The cover of the August 9 edition edition of Time magazine featured a shocking picture of Bibi Aisha, a young woman whose nose and ears had been cut off. The photo was accompanied by the headline: “What happens if we leave Afghanistan”. However, what happened to Aisha took place in Afghanistan under Western occupation.
In return for allowing Time to publish her photo, Aisha was flown to the US for reconstructive surgery. However, although Time ensured her mutilated face was seen worldwide, they appear less keen for her voice to be heard.
“I heard Aisha's story from her a few weeks before the image of her face was displayed all over the world”, Ann Jones, author of Kabul in Winter, wrote in the August 12 Nation. “She told me that her father-in-law caught up with her after she ran away, and took a knife to her on his own; village elders later approved, but the Taliban didn't figure at all in this account.
“The Time story, however, attributes Aisha's mutilation to a husband under orders of a Talib commander, thereby transforming a personal story, similar to those of countless women in Afghanistan today, into a portent of things to come for all women if the Taliban return to power.”
In March, Wikileaks published a CIA document that outlined a strategy to counter growing opposition in Europe to participation in the US-led occupation. It recommended using a narrative about the oppression of women in Afghanistan that highlighted the Taliban’s misogynist violence while ignoring that of the pro-occupation warlords and the occupation armies.

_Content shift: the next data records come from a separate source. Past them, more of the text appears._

(* Let $L=\{a^nb^m : n,m\in\mathbb{N},\ m\le n\}\cup\{a^nb^mc : n,m\in\mathbb{N}\}$ over the alphabet $\{a,b,c\}$. Then $L\in \mathrm{CH}_1$ and $L\notin \mathrm{CD}$, i.e. $L$ is recognised by some history-deterministic $1$-VASS under coverability acceptance but by no deterministic $k$-VASS (for any $k$) under coverability acceptance.
   Context: Fix a finite alphabet $\Sigma$. A $k$-dimensional vector addition system with states ($k$-VASS) is a tuple $(Q,q_0,F,\delta)$ where $Q$ is a finite set of states, $q_0\in Q$ is initial, $F\subseteq Q$ is the set of accepting states, and $\delta\subseteq Q\times\Sigma\times\mathbb{Z}^k\times Q$ is a finite set of transitions (no $\varepsilon$-transitions). A run on a word $w=a_1\cdots a_n$ is a sequence of transitions $(p_{i-1},a_i,d_i,p_i)$ with $p_0=q_0$ such that the counter vectors $v_0=\vec 0$, $v_i=v_{i-1}+d_i$ all lie in $\mathbb{N}^k$. Under coverability acceptance the run is accepting if $p_n\in F$. The language is the set of words having an accepting run. A VASS is deterministic if for every state $q$ and letter $a$ there is at most one transition $(q,a,d,q')$. A VASS is history-deterministic if there is a resolver, i.e. a function $r$ mapping each finite sequence of transitions and each letter $a$ to a transition labelled $a$, such that for every word $w$ in the language, the sequence of transitions obtained by successively applying $r$ to the letters of $w$ is a run on $w$ (counters stay nonnegative) and is accepting. $\mathrm{CD}_k$ (resp. $\mathrm{CH}_k$) is the class of languages recognised by deterministic (resp. history-deterministic) $k$-VASS under coverability acceptance, and $\mathrm{CD}=\bigcup_{k\ge1}\mathrm{CD}_k$. *)

From HB Require Import structures.
From mathcomp Require Import all_boot all_order all_algebra.
Set Implicit Arguments. Unset Strict Implicit. Unset Printing Implicit Defensive.
Import Order.TTheory GRing.Theory Num.Theory.
Local Open Scope ring_scope.

Inductive abc := La | Lb | Lc.
Definition abc_to (x : abc) : 'I_3 :=
  match x with La => inord 0 | Lb => inord 1 | Lc => inord 2 end.
Definition abc_of (i : 'I_3) : abc :=
  match val i with 0%N => La | 1%N => Lb | _ => Lc end.
Lemma abc_toK : cancel abc_to abc_of.
Proof. by case; rewrite /abc_of /= inordK. Qed.
HB.instance Definition _ := Finite.copy abc (can_type abc_toK).

(** k-VASS over a finite alphabet Sigma (no epsilon transitions).
    Counter vectors are elements of Z^k, represented as {ffun 'I_k -> int}. *)
Definition cvec (k : nat) := {ffun 'I_k -> int}.

Record VASS (Sigma : finType) (k : nat) := {
  vstate : finType;
  vinit : vstate;
  vfinal : {pred vstate};
  vdelta : seq (vstate * Sigma * cvec k * vstate)
}.

Section VASSDefs.
Variables (Sigma : finType) (k : nat) (A : VASS Sigma k).

Definition trans := (vstate A * Sigma * cvec k * vstate A)%type.

Definition tsrc (t : trans) : vstate A := t.1.1.1.
Definition tlab (t : trans) : Sigma := t.1.1.2.
Definition tvec (t : trans) : cvec k := t.1.2.
Definition tdst (t : trans) : vstate A := t.2.

Definition vadd (v d : cvec k) : cvec k := [ffun i => v i + d i].
Definition vzero : cvec k := [ffun _ => 0].
Definition vnonneg (v : cvec k) : bool := [forall i, 0 <= v i].

Fixpoint run_end (p : vstate A) (v : cvec k) (ts : seq trans) (w : seq Sigma)
  : option (vstate A) :=
  match ts, w with
  | [::], [::] => Some p
  | t :: ts', x :: w' =>
      if [&& t \in vdelta A, tsrc t == p, tlab t == x & vnonneg (vadd v (tvec t))]
      then run_end (tdst t) (vadd v (tvec t)) ts' w'
      else None
  | _, _ => None
  end.

Definition is_run (ts : seq trans) (w : seq Sigma) : Prop :=
  exists q, run_end (vinit A) vzero ts w = Some q.

(** ts is an accepting run (coverability acceptance). *)
Definition accepting_run (ts : seq trans) (w : seq Sigma) : Prop :=
  exists q, run_end (vinit A) vzero ts w = Some q /\ q \in @vfinal _ _ A.

Definition lang (w : seq Sigma) : Prop := exists ts, accepting_run ts w.

Definition deterministic : Prop :=
  forall t1 t2, t1 \in vdelta A -> t2 \in vdelta A ->
    tsrc t1 = tsrc t2 -> tlab t1 = tlab t2 -> t1 = t2.

Fixpoint resolve_from (r : seq trans -> Sigma -> trans) (h : seq trans)
  (w : seq Sigma) : seq trans :=
  match w with
  | [::] => h
  | a :: w' => resolve_from r (rcons h (r h a)) w'
  end.

Definition resolver (r : seq trans -> Sigma -> trans) : Prop :=
  (forall h a, r h a \in vdelta A /\ tlab (r h a) = a) /\
  (forall w, lang w -> is_run (resolve_from r [::] w) w
                       /\ accepting_run (resolve_from r [::] w) w).

Definition history_deterministic : Prop := exists r, resolver r.

End VASSDefs.

Definition in_CD (Sigma : finType) (k : nat) (L : seq Sigma -> Prop) : Prop :=
  exists A : VASS Sigma k, deterministic A /\ forall w, lang A w <-> L w.

Definition in_CH (Sigma : finType) (k : nat) (L : seq Sigma -> Prop) : Prop :=
  exists A : VASS Sigma k, history_deterministic A /\ forall w, lang A w <-> L w.

Definition in_CD_any (Sigma : finType) (L : seq Sigma -> Prop) : Prop :=
  exists k, (1 <= k)%N /\ in_CD k L.

Definition Lex (w : seq abc) : Prop :=
  (exists n m : nat, (m <= n)%N /\ w = nseq n La ++ nseq m Lb) \/
  (exists n m : nat, w = nseq n La ++ nseq m Lb ++ [:: Lc]).

(* L in CH_1: a 1-VASS counts the a's and, on each b, either decrements the
   counter in an accepting state or moves to the rejecting state qOver, from
   which a final c is still accepted.  A resolver that decrements exactly while
   the counter is positive follows an accepting run on every word of L.

   L not in CD: in a deterministic VASS the states visited by a run depend only
   on the word, not on the counters.  By pigeonhole, a^i and a^j with i < j reach
   the same state.  As a^i b^j c is in L, the word a^i b^j has a run, and it ends
   in the same state as the accepting run on a^j b^j; so a^i b^j would be in L. *)

From HB Require Import structures.
From mathcomp Require Import all_boot all_order all_algebra.
From mathcomp Require Import zify.
Set Implicit Arguments. Unset Strict Implicit. Unset Printing Implicit Defensive.
Import GRing.Theory.
Local Open Scope ring_scope.

Section Runs.
Variables (Sigma : finType) (k : nat) (A : VASS Sigma k).

Fixpoint run_conf (p : vstate A) (v : cvec k) (ts : seq (trans A)) (w : seq Sigma)
  : option (vstate A * cvec k) :=
  match ts, w with
  | [::], [::] => Some (p, v)
  | t :: ts', x :: w' =>
      if [&& t \in vdelta A, tsrc t == p, tlab t == x & vnonneg (vadd v (tvec t))]
      then run_conf (tdst t) (vadd v (tvec t)) ts' w'
      else None
  | _, _ => None
  end.

Lemma run_end_conf p v ts w : run_end p v ts w = omap fst (run_conf p v ts w).
Proof. by elim: ts w p v => [|t ts IH] [|x w] p v //=; case: ifP. Qed.

Lemma run_conf_size p v ts w c : run_conf p v ts w = Some c -> size ts = size w.
Proof.
by elim: ts w p v => [|t ts IH] [|x w] p v //=; case: ifP => // _ /IH ->.
Qed.

Lemma run_conf_cat p v ts1 ts2 w1 w2 : size ts1 = size w1 ->
  run_conf p v (ts1 ++ ts2) (w1 ++ w2) =
  obind (fun c => run_conf c.1 c.2 ts2 w2) (run_conf p v ts1 w1).
Proof.
elim: ts1 w1 p v => [|t ts IH] [|x w] p v //= [] /IH IHw.
by case: ifP.
Qed.

Lemma run_conf_catP p v ts w1 w2 c : run_conf p v ts (w1 ++ w2) = Some c ->
  exists ts1 ts2 c1,
    [/\ ts = ts1 ++ ts2, run_conf p v ts1 w1 = Some c1
       & run_conf c1.1 c1.2 ts2 w2 = Some c].
Proof.
move=> hrun; have hsize := run_conf_size hrun.
have size_take : size (take (size w1) ts) = size w1.
  by rewrite size_takel // hsize size_cat leq_addr.
move: hrun; rewrite -(cat_take_drop (size w1) ts) run_conf_cat //.
case hrun1 : run_conf => [c1|] //= hrun2.
by exists (take (size w1) ts), (drop (size w1) ts), c1.
Qed.

Definition reaches (w : seq Sigma) (q : vstate A) : Prop :=
  exists ts c, run_conf (vinit A) (vzero k) ts w = Some c /\ c.1 = q.

Lemma langP w : lang A w <-> exists2 q, reaches w q & q \in @vfinal _ _ A.
Proof.
split.
  case=> ts [q []]; rewrite run_end_conf.
  by case hrun: run_conf => [c|] //= [<-]; exists c.1 => //; exists ts, c.
case=> q [ts [c [hrun <-]]] hq.
by exists ts, c.1; rewrite run_end_conf hrun.
Qed.

Lemma reaches_prefix u v q : reaches (u ++ v) q -> exists p, reaches u p.
Proof.
case=> ts [c [/run_conf_catP [ts1 [_ [c1 [_ hrun1 _]]]] _]].
by exists c1.1, ts1, c1.
Qed.

Hypothesis A_det : deterministic A.

Lemma deterministic_run_conf p v v' ts ts' w c c' :
  run_conf p v ts w = Some c -> run_conf p v' ts' w = Some c' -> c.1 = c'.1.
Proof.
elim: w p v v' ts ts' => [|x w IH] p v v' [|t ts] [|t' ts'] //=.
  by move=> [<-] [<-].
case: ifP => // /and4P [ht /eqP src_t /eqP lab_t _].
case: ifP => // /and4P [ht' /eqP src_t' /eqP lab_t' _].
have <- : t = t' by apply: A_det; rewrite ?src_t ?src_t' ?lab_t ?lab_t'.
exact: IH.
Qed.

Lemma deterministic_reaches_cat u u' v p q q' :
  reaches u p -> reaches u' p -> reaches (u ++ v) q -> reaches (u' ++ v) q' -> q = q'.
Proof.
move=> [tsu [cu [hu <-]]] [tsu' [cu' [hu' ecu]]].
move=> [ts [c [/run_conf_catP [ts1 [ts2 [c1 [_ hrun1 hrun2]]]] <-]]].
move=> [ts' [c' [/run_conf_catP [ts1' [ts2' [c1' [_ hrun1' hrun2']]]] <-]]].
have ec1 : c1.1 = c1'.1.
  rewrite -(deterministic_run_conf hu hrun1) -ecu.
  exact: deterministic_run_conf hu' hrun1'.
by rewrite ec1 in hrun2; exact: deterministic_run_conf hrun2 hrun2'.
Qed.

End Runs.

Lemma pigeonhole_nat (T : finType) (P : nat -> T -> Prop) :
  (forall i, exists x, P i x) -> exists i j x, [/\ (i < j)%N, P i x & P j x].
Proof.
move=> hP; have [f hf] := fin_all_exists (fun i : 'I_#|T|.+1 => hP i).
have /injectivePn [i [j neq_ij fij]] : ~~ injectiveb f.
  by apply: contraTN isT => /injectiveP /leq_card; rewrite card_ord ltnn.
have := hf i; have := hf j; rewrite fij.
case: (ltngtP i j) neq_ij => [lt_ij | lt_ji | /val_inj ->];
  rewrite ?eqxx // => _ hj hi.
  by exists i, j, (f j).
by exists j, i, (f j).
Qed.

Lemma Lex_nseq_a n : Lex (nseq n La).
Proof. by left; exists n, 0%N; rewrite cats0. Qed.

Lemma Lex_nseq_ab n : Lex (nseq n La ++ nseq n Lb).
Proof. by left; exists n, n. Qed.

Lemma Lex_nseq_abc n m : Lex (nseq n La ++ nseq m Lb ++ [:: Lc]).
Proof. by right; exists n, m. Qed.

Afghan feminist Malalai Joya condemned the pro-war media manipulation. “During the Taliban’s regime such atrocities weren’t as rife as it is now and the graph is hiking each day”, she told France 24 on August 1.
“Eighteen-year-old Aisha is just an example and cutting ears, noses and toes, torturing and even slaughtering is a norm in Afghanistan
“Currently, Afghan people, especially women, are squashed between three enemies: Taliban, fundamentalist warlords and troops … The US used the plight of Afghan women as an excuse to occupy Afghanistan in 2001 by filling television screens, internet pages and newspapers with pictures of women being shot down or beaten up in public.
“Once again, it is moulding the oppression of women into a propaganda tool to gain support and staining their hands with ever-deepening treason against Afghan women.”